→ **WHAT THE TASK ASKS**
Which lines run from the line with "Proof. by move=> /K_sub_CA;" through the line with "N.+1 -> 0 < d < 1" in the entries below? Print them exactly, both ends included, and nothing more.
(SOURCE DATA begins)
(* For every $n\in\mathbb{N}$, $t\in(0,1)$, $\varepsilon\in(0,1)$ and $\ell\ge1$ there exists $\mu=\mu_{n,t,\varepsilon,\ell}>0$ such that for all $\gamma\ge0$, $\lambda\ge1$ the following holds: if $A,B\subset\mathbb{R}^n$ are $(\gamma,\ell,\lambda,\mu)$ conelike with associated convex sets $C_A,C_B$, then $$tA+(1-t)B\supset t(1-\varepsilon/4)C_A+(1-t)C_B.$$
   Context: Scalar multiples of sets are dilations about the origin, $X+Y$ is the Minkowski sum, $o$ the origin, $B(p,r)$ the open Euclidean ball, $|\cdot|$ Lebesgue measure. A convex set $C\subset\mathbb{R}^n$ is a cone if there are a hyperplane $H$ not containing the origin and a bounded convex set $P\subset H$ with $C=\bigcup_{s\ge0}sP$. Sets $A,B\subset\mathbb{R}^n$ are called $(\gamma,\ell,\lambda,\mu)$ conelike if there exist convex sets $C_A\supset A$, $C_B\supset B$ with $|C_A|=|C_B|=(1+\gamma)|A|=(1+\gamma)|B|$, a convex set $K$, and a set $S''$ obtained by intersecting a cone with a half-space, such that: (1) $B(o,1/\ell)\subset C_A,C_B\subset B(o,\ell)$; (2) for some $z\in\mathbb{R}^n$, each of $A-z$, $C_A-z$, $B-z$, $C_B-z$ contains $S''$ and is contained in $\lambda S''$; (3) for some $x,y\in\mathbb{R}^n$, each of $A+x$, $C_A+x$, $B+y$, $C_B+y$ contains $K$ and is contained in $(1+\mu)K$. *)

From HB Require Import structures.
From mathcomp Require Import all_boot all_order all_algebra.
From mathcomp Require Import all_classical all_reals all_analysis.
Set Implicit Arguments. Unset Strict Implicit. Unset Printing Implicit Defensive.
Import Order.TTheory GRing.Theory Num.Theory.
Local Open Scope classical_set_scope.
Local Open Scope ring_scope.

Section Defs.
Context {R : realType} {n : nat}.
Notation V := 'rV[R]_n.

Definition dotv (u v : V) : R := \sum_(i < n) u ord0 i * v ord0 i.
Definition enorm (u : V) : R := Num.sqrt (dotv u u).

Definition eball (p : V) (r : R) : set V := [set x | enorm (x - p) < r].

Definition dil (s : R) (X : set V) : set V := [set s *: x | x in X].
Definition minksum (X Y : set V) : set V := [set x + y | x in X & y in Y].
Definition transl (X : set V) (z : V) : set V := [set x + z | x in X].

Definition convexv (X : set V) : Prop :=
  forall x y, X x -> X y -> forall s : R, 0 <= s <= 1 -> X (s *: x + (1 - s) *: y).

Definition boundedv (X : set V) : Prop := exists M : R, forall x, X x -> enorm x <= M.

Definition rbox (a b : V) : set V :=
  [set x | forall i : 'I_n, a ord0 i <= x ord0 i <= b ord0 i].
Definition boxvol (a b : V) : R := \prod_(i < n) Num.max 0 (b ord0 i - a ord0 i).
Definition lebm (X : set V) : \bar R :=
  ereal_inf [set s : \bar R | exists a b : nat -> V,
    X `<=` \bigcup_k rbox (a k) (b k) /\
    s = (\sum_(0 <= k <oo) (boxvol (a k) (b k))%:E)%E].

Definition leb_measurable (A : set V) : Prop :=
  forall E : set V, lebm E = (lebm (E `&` A) + lebm (E `\` A))%E.

Definition is_cone (C : set V) : Prop :=
  convexv C /\
  exists (v : V) (c : R) (P : set V),
    v != 0 /\ c != 0 /\ P `<=` [set x | dotv v x = c] /\
    boundedv P /\ convexv P /\
    C = \bigcup_(s in [set s : R | 0 <= s]) dil s P.

Definition halfspace (Hs : set V) : Prop :=
  exists (w : V) (c : R), w != 0 /\ Hs = [set x | dotv w x <= c].

Definition conelike (gamma ell lambda mu : R) (A B CA CB : set V) : Prop :=
  convexv CA /\ convexv CB /\ A `<=` CA /\ B `<=` CB /\
  lebm CA = ((1 + gamma)%:E * lebm A)%E /\ lebm CB = ((1 + gamma)%:E * lebm B)%E /\
  lebm A = lebm B /\
  exists (K S2 : set V),
    convexv K /\
    (exists C Hs, is_cone C /\ halfspace Hs /\ S2 = C `&` Hs) /\
    (* (1) *)
    eball 0 ell^-1 `<=` CA /\ eball 0 ell^-1 `<=` CB /\
    CA `<=` eball 0 ell /\ CB `<=` eball 0 ell /\
    (* (2) *)
    (exists z : V, forall X, (X = A \/ X = CA \/ X = B \/ X = CB) ->
        S2 `<=` transl X (- z) /\ transl X (- z) `<=` dil lambda S2) /\
    (* (3) *)
    (exists x y : V,
        (forall X, (X = A \/ X = CA) -> K `<=` transl X x /\ transl X x `<=` dil (1 + mu) K) /\
        (forall X, (X = B \/ X = CB) -> K `<=` transl X y /\ transl X y `<=` dil (1 + mu) K)).

End Defs.

(* Only conditions (1) and (3) and the convexity of K are used.  Write
   p = (t - d) a + (1 - t) b with a in C_A, b in C_B and d = t eps / 4.  The
   points k1 = (a + x) / (1 + mu) and k2 = (b + y) / (1 + mu) lie in K, and
   p + t x + (1 - t) y = (1 + mu) (1 - d) m + d x with m a convex combination of
   k1 and k2.  The defect of this point from a convex combination of m and the
   point x / (1 + mu) of K is of size mu |x| / d; since K contains the ball of
   radius 1 / (l (1 + mu)) about x / (1 + mu), it is absorbed as soon as mu is
   small compared with d / l^2, provided |x| = O(l).  That bound holds because K
   contains (1 + mu)^-j x for every j >= 1, so that ((1 + mu)^-j - 1) x lies in
   C_A, inside B(o, l).  The resulting point q of K splits p as
   t (q - x) + (1 - t) (q - y) with q - x in A and q - y in B. *)
From HB Require Import structures.
From mathcomp Require Import all_boot all_order all_algebra.
From mathcomp Require Import all_classical all_reals all_analysis.
From mathcomp Require Import ring lra.
Set Implicit Arguments. Unset Strict Implicit. Unset Printing Implicit Defensive.
Import Order.TTheory GRing.Theory Num.Theory.
Local Open Scope classical_set_scope.
Local Open Scope ring_scope.

Lemma bernoulli_ineq (R : realDomainType) (m : R) (N : nat) :
  0 <= m -> 1 + N%:R * m <= (1 + m) ^+ N.
Proof.
move=> m0; elim: N => [|N IH]; first by rewrite mul0r addr0 expr0.
have Nm0 : 0 <= N%:R * m by rewrite mulr_ge0.
have IHm : (1 + N%:R * m) * (1 + m) <= (1 + m) ^+ N * (1 + m).
  by rewrite ler_pM2r //; lra.
rewrite exprS -natr1; nra.
Qed.

Section EuclideanGeometry.
Context {R : realType} {n : nat}.
Notation V := 'rV[R]_n.

Lemma dotvZ (a : R) (u v : V) : dotv (a *: u) (a *: v) = a ^+ 2 * dotv u v.
Proof. by rewrite /dotv mulr_sumr; apply: eq_bigr => i _; rewrite !mxE; ring. Qed.

Lemma enorm_ge0 (v : V) : 0 <= enorm v.
Proof. exact: sqrtr_ge0. Qed.

Lemma enormZ (a : R) (v : V) : enorm (a *: v) = `|a| * enorm v.
Proof. by rewrite /enorm dotvZ sqrtrM ?sqr_ge0 // sqrtr_sqr. Qed.

Lemma enorm0 : enorm (0 : V) = 0.
Proof. by rewrite -(scale0r (0 : V)) enormZ normr0 mul0r. Qed.

Lemma in_eball0 (r : R) (v : V) : eball 0 r v <-> enorm v < r.
Proof. by rewrite /eball /= subr0. Qed.

Lemma translE (X : set V) (z : V) : transl X z = [set w | X (w - z)].
Proof.
apply/seteqP; split => [_ [v Xv <-]|w Xw] /=; first by rewrite addrK.
by exists (w - z); rewrite ?subrK.
Qed.

Lemma dilE (c : R) (X : set V) : c != 0 -> dil c X = [set w | X (c^-1 *: w)].
Proof.
move=> c0; apply/seteqP; split => [_ [v Xv <-]|w Xw] /=.
  by rewrite scalerA mulVf // scale1r.
by exists (c^-1 *: w); rewrite // scalerA divff // scale1r.
Qed.

End EuclideanGeometry.

Section ConelikeShrink.
Context {R : realType} {n : nat}.
Notation V := 'rV[R]_n.

Variables (A B CA CB K : set V) (x y : V) (mu ell : R).
Hypothesis mu_gt0 : 0 < mu.
Hypothesis ell_gt0 : 0 < ell.
Hypothesis convexK : convexv K.
Hypothesis K_sub_A : K `<=` transl A x.
Hypothesis K_sub_B : K `<=` transl B y.
Hypothesis K_sub_CA : K `<=` transl CA x.
Hypothesis CA_sub_K : transl CA x `<=` dil (1 + mu) K.
Hypothesis CB_sub_K : transl CB y `<=` dil (1 + mu) K.
Hypothesis ball_sub_CA : eball 0 ell^-1 `<=` CA.
Hypothesis CA_sub_ball : CA `<=` eball 0 ell.

Let mu1_gt0 : 0 < 1 + mu. Proof. by rewrite addr_gt0. Qed.
Let mu1_neq0 : 1 + mu != 0. Proof. by rewrite gt_eqF. Qed.

Lemma shiftCA_in_K (a : V) : CA a -> K ((1 + mu)^-1 *: (a + x)).
Proof.
move=> CAa; have := @CA_sub_K (a + x).
by rewrite translE dilE //= addrK; apply.
Qed.

Lemma shiftCB_in_K (b : V) : CB b -> K ((1 + mu)^-1 *: (b + y)).
Proof.
move=> CBb; have := @CB_sub_K (b + y).
by rewrite translE dilE //= addrK; apply.
Qed.

Lemma K_dilV (k : V) : K k -> K ((1 + mu)^-1 *: k).
Proof. by move=> /K_sub_CA; rewrite translE /= => /shiftCA_in_K; rewrite subrK. Qed.

Lemma K_ball (u : V) : enorm u < ell^-1 -> K ((1 + mu)^-1 *: (u + x)).
Proof. by move=> /in_eball0 /ball_sub_CA /shiftCA_in_K. Qed.

Lemma K_expV_shift (j : nat) : K (((1 + mu) ^+ j.+1)^-1 *: x).
Proof.
elim: j => [|j IH]; first by rewrite expr1 -[x]add0r; apply/K_ball; rewrite enorm0 invr_gt0.
by move/K_dilV: IH; rewrite scalerA -invfM -exprS.
Qed.

Lemma enorm_shift_lt (N : nat) : 2 <= (1 + mu) ^+ N.+1 -> enorm x < 2 * ell.
Proof.
move=> powN; have powV_le : (1 + mu) ^- N.+1 <= 2^-1.
  by rewrite lef_pV2 ?posrE ?exprn_gt0.
have := K_sub_CA (K_expV_shift N); rewrite translE /= -{2}[x]scale1r -scalerBl.
move=> /CA_sub_ball /in_eball0; rewrite enormZ ler0_norm; last lra.
have := enorm_ge0 x; have := ell_gt0; nra.
Qed.

Lemma K_scale_shift (N : nat) (d : R) (m : V) :
  2 <= (1 + mu) ^+ N.+1 -> 0 < d < 1 -> mu * (2 * ell ^+ 2 + 1) <= d ->
  K m -> K (((1 + mu) * (1 - d)) *: m + d *: x).
Proof.
move=> powN /andP[d_gt0 d_lt1] mu_small Km.
have x_lt := enorm_shift_lt powN; have x_ge0 := enorm_ge0 x.
have mu_pos := mu_gt0; have ell_pos := ell_gt0.
have d'_gt0 : 0 < d - mu * (1 - d) by nra.
have Kz : K ((1 + mu)^-1 *: ((mu / (d - mu * (1 - d))) *: x + x)).
  apply: K_ball; rewrite enormZ ger0_norm ?divr_ge0 ?ltW //.
  have : mu * ell * enorm x < mu * ell * (2 * ell) by rewrite ltr_pM2l ?mulr_gt0.
  move=> bound; rewrite mulrAC ltr_pdivrMr // [X in _ < X]mulrC ltr_pdivlMr //; nra.
have s01 : 0 <= 1 - (d - mu * (1 - d)) <= 1 by apply/andP; split; nra.
have := convexK Km Kz s01; congr K; apply/matrixP => i j; rewrite !mxE.
by field; rewrite !gt_eqF.
Qed.

Lemma minksum_dil_shrink_sub (N : nat) (t d : R) :
  2 <= (1 + mu) ^+ N.+1 -> 0 < d <= t -> t < 1 -> mu * (2 * ell ^+ 2 + 1) <= d ->
  minksum (dil (t - d) CA) (dil (1 - t) CB) `<=` minksum (dil t A) (dil (1 - t) B).
Proof.
move=> powN /andP[d_gt0 d_le_t] t_lt1 mu_small _ [_ [a CAa <-] [_ [b CBb <-] <-]].
have d_lt1 : 0 < d < 1 by apply/andP; split; lra.
have s01 : 0 <= (t - d) / (1 - d) <= 1.
  by apply/andP; split; [rewrite divr_ge0 |rewrite ler_pdivrMr ?mul1r]; lra.
have Km := convexK (shiftCA_in_K CAa) (shiftCB_in_K CBb) s01.
have Kq := K_scale_shift powN d_lt1 mu_small Km; set q := _ + d *: x in Kq.
exists (t *: (q - x)); first by exists (q - x) => //; move: (K_sub_A Kq); rewrite translE.
exists ((1 - t) *: (q - y)); first by exists (q - y) => //; move: (K_sub_B Kq); rewrite translE.
rewrite /q; apply/matrixP => i j; rewrite !mxE.
by field; rewrite !gt_eqF //; lra.
Qed.

End ConelikeShrink.

Theorem mainTheorem14 (R : realType) (n : nat) (t eps ell : R) :
  0 < t < 1 -> 0 < eps < 1 -> 1 <= ell ->
  exists mu : R, 0 < mu /\
    forall (gamma lambda : R), 0 <= gamma -> 1 <= lambda ->
    forall A B CA CB : set 'rV[R]_n,
      leb_measurable A -> leb_measurable B ->
      conelike gamma ell lambda mu A B CA CB ->
      minksum (dil (t * (1 - eps / 4)) CA) (dil (1 - t) CB)
        `<=` minksum (dil t A) (dil (1 - t) B).
Proof.
move=> /andP[t_gt0 t_lt1] /andP[eps_gt0 eps_lt1] ell_ge1.
have ell_gt0 : 0 < ell by lra.
set d := t * eps / 4.
have d_range : 0 < d <= t by apply/andP; split; rewrite /d; nra.
have d_gt0 : 0 < d by case/andP: d_range.
set N := Num.truncn ((2 * ell ^+ 2 + 1) / d).
set mu := (N.+1%:R : R)^-1.
have mu_gt0 : 0 < mu by rewrite invr_gt0.
have mu_small : mu * (2 * ell ^+ 2 + 1) <= d.
  have := truncnS_gt ((2 * ell ^+ 2 + 1) / d); rewrite -/N ltr_pdivrMr // => c_lt.
  rewrite mulrC ler_pdivrMr ?ltr0Sn //; lra.
have powN : 2 <= (1 + mu) ^+ N.+1.
  by have := bernoulli_ineq N.+1 (ltW mu_gt0); rewrite mulfV.
exists mu; split => // gamma lambda _ _ A B CA CB _ _.
case=> _ [_ [_ [_ [_ [_ [_ [K [_ [convexK [_ [ball_sub_CA [_ [CA_sub_ball
  [_ [_ [x [y [HA HB]]]]]]]]]]]]]]]]]].
have [K_sub_A _] := HA A (or_introl erefl).
have [K_sub_CA CA_sub_K] := HA CA (or_intror erefl).
have [K_sub_B _] := HB B (or_introl erefl).
have [_ CB_sub_K] := HB CB (or_intror erefl).
have -> : t * (1 - eps / 4) = t - d by rewrite /d; ring.
apply: (minksum_dil_shrink_sub mu_gt0 ell_gt0 convexK K_sub_A K_sub_B K_sub_CA
  CA_sub_K CB_sub_K ball_sub_CA CA_sub_ball powN d_range t_lt1 mu_small).
Qed.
(SOURCE DATA ends)
→ **REPLY TO THE EXERCISE**
Proof. by move=> /K_sub_CA; rewrite translE /= => /shiftCA_in_K; rewrite subrK. Qed.

Lemma K_ball (u : V) : enorm u < ell^-1 -> K ((1 + mu)^-1 *: (u + x)).
Proof. by move=> /in_eball0 /ball_sub_CA /shiftCA_in_K. Qed.

Lemma K_expV_shift (j : nat) : K (((1 + mu) ^+ j.+1)^-1 *: x).
Proof.
elim: j => [|j IH]; first by rewrite expr1 -[x]add0r; apply/K_ball; rewrite enorm0 invr_gt0.
by move/K_dilV: IH; rewrite scalerA -invfM -exprS.
Qed.

Lemma enorm_shift_lt (N : nat) : 2 <= (1 + mu) ^+ N.+1 -> enorm x < 2 * ell.
Proof.
move=> powN; have powV_le : (1 + mu) ^- N.+1 <= 2^-1.
  by rewrite lef_pV2 ?posrE ?exprn_gt0.
have := K_sub_CA (K_expV_shift N); rewrite translE /= -{2}[x]scale1r -scalerBl.
move=> /CA_sub_ball /in_eball0; rewrite enormZ ler0_norm; last lra.
have := enorm_ge0 x; have := ell_gt0; nra.
Qed.

Lemma K_scale_shift (N : nat) (d : R) (m : V) :
  2 <= (1 + mu) ^+ N.+1 -> 0 < d < 1 -> mu * (2 * ell ^+ 2 + 1) <= d ->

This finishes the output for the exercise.